BRIEF: The required output is every line from the one with "r is nondecreasing, i.e." through the final line of the data below, unchanged.

Stored items:
(* Let $m>0$, $h\ge0$ and $\theta>0$, and let $g(u)=\bar\Psi_{m+h}\big(\theta\,\bar\Psi_m^{-1}(u)\big)$ for $u\in(0,1)$. If $\theta\le1$, then $g$ is concave on $(0,1)$; if $\theta>1$ and $h=0$, then $g$ is convex on $(0,1)$.
   Context: $\Psi_k$ denotes the CDF of the (central) chi-squared distribution with $k$ degrees of freedom, $\bar\Psi_k=1-\Psi_k$ its survival function, and $\bar\Psi_k^{-1}:(0,1)\to(0,\infty)$ the inverse of $\bar\Psi_k$. *)

From HB Require Import structures.
From mathcomp Require Import all_boot all_order all_algebra.
From mathcomp Require Import all_classical all_reals all_analysis.
Set Implicit Arguments. Unset Strict Implicit. Unset Printing Implicit Defensive.
Import Order.TTheory GRing.Theory Num.Theory.
Local Open Scope classical_set_scope.
Local Open Scope ring_scope.

Section Chi2.
Variable R : realType.

Definition chi2_kernel (k t : R) : R := powR t (k / 2 - 1) * expR (- t / 2).

(* survival function  bar Psi_k(x) = P(chi^2_k > x)
   = (int_{max x 0}^oo kernel) / (int_0^oo kernel); the normalising
   integral equals 2^(k/2) Gamma(k/2). *)
Definition chi2_sf (k x : R) : R :=
  fine (\int[@lebesgue_measure R]_(t in `](Num.max x 0), +oo[) (chi2_kernel k t)%:E)
  / fine (\int[@lebesgue_measure R]_(t in `]0, +oo[) (chi2_kernel k t)%:E).

Definition chi2_cdf (k x : R) : R := 1 - chi2_sf k x.

(* inverse of the survival function on (0,1): the (unique) x > 0 with
   bar Psi_k(x) = u *)
Definition chi2_sf_inv (k u : R) : R :=
  xget 0 [set x : R | 0 < x /\ chi2_sf k x = u].

Definition concave_on_01 (g : R -> R) : Prop :=
  forall x y t : R, 0 < x < 1 -> 0 < y < 1 -> 0 <= t <= 1 ->
    t * g x + (1 - t) * g y <= g (t * x + (1 - t) * y).

Definition convex_on_01 (g : R -> R) : Prop :=
  forall x y t : R, 0 < x < 1 -> 0 < y < 1 -> 0 <= t <= 1 ->
    g (t * x + (1 - t) * y) <= t * g x + (1 - t) * g y.

End Chi2.

(* Write xi for the inverse of the survival function of chi^2_m and
   P x = \bar Psi_{m+h}(theta x), so that g = P \o xi with xi decreasing.  On
   (0, +oo) both \bar Psi_m and P are differentiable, with derivatives
   -K_m / Z_m and -theta K_{m+h}(theta .) / Z_{m+h}, where
   K_k t = t^(k/2-1) e^(-t/2) and Z_k is its integral.  The Cauchy mean value
   theorem on [xi u2, xi u1] therefore writes each chord slope of g as
   r c = theta Z_m K_{m+h}(theta c) / (Z_{m+h} K_m c), a positive multiple of
   c^(h/2) e^((1-theta) c/2), at some c in (xi u2, xi u1).  These points move
   left as the chord moves right, so the slopes of g decrease (concavity) when
   r is nondecreasing, i.e. theta <= 1, and increase (convexity) when r is
   nonincreasing, i.e. theta > 1 and h = 0.  The analytic input is the
   integrability of K_k on (0, +oo), which makes \bar Psi_k differentiable
   there and onto (0, 1). *)

From HB Require Import structures.
From mathcomp Require Import all_boot all_order all_algebra.
From mathcomp Require Import all_classical all_reals all_analysis.
From mathcomp Require Import measurable_realfun exponential_distribution.
From mathcomp Require Import lra ring.
Import Order.TTheory GRing.Theory Num.Theory.
Import numFieldNormedType.Exports.
Set Implicit Arguments.
Unset Strict Implicit.
Unset Printing Implicit Defensive.
Local Open Scope ring_scope.
Local Open Scope classical_set_scope.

TASK RESULT:
   r is nondecreasing, i.e. theta <= 1, and increase (convexity) when r is
   nonincreasing, i.e. theta > 1 and h = 0.  The analytic input is the
   integrability of K_k on (0, +oo), which makes \bar Psi_k differentiable
   there and onto (0, 1). *)

From HB Require Import structures.
From mathcomp Require Import all_boot all_order all_algebra.
From mathcomp Require Import all_classical all_reals all_analysis.
From mathcomp Require Import measurable_realfun exponential_distribution.
From mathcomp Require Import lra ring.
Import Order.TTheory GRing.Theory Num.Theory.
Import numFieldNormedType.Exports.
Set Implicit Arguments.
Unset Strict Implicit.
Unset Printing Implicit Defensive.
Local Open Scope ring_scope.
Local Open Scope classical_set_scope.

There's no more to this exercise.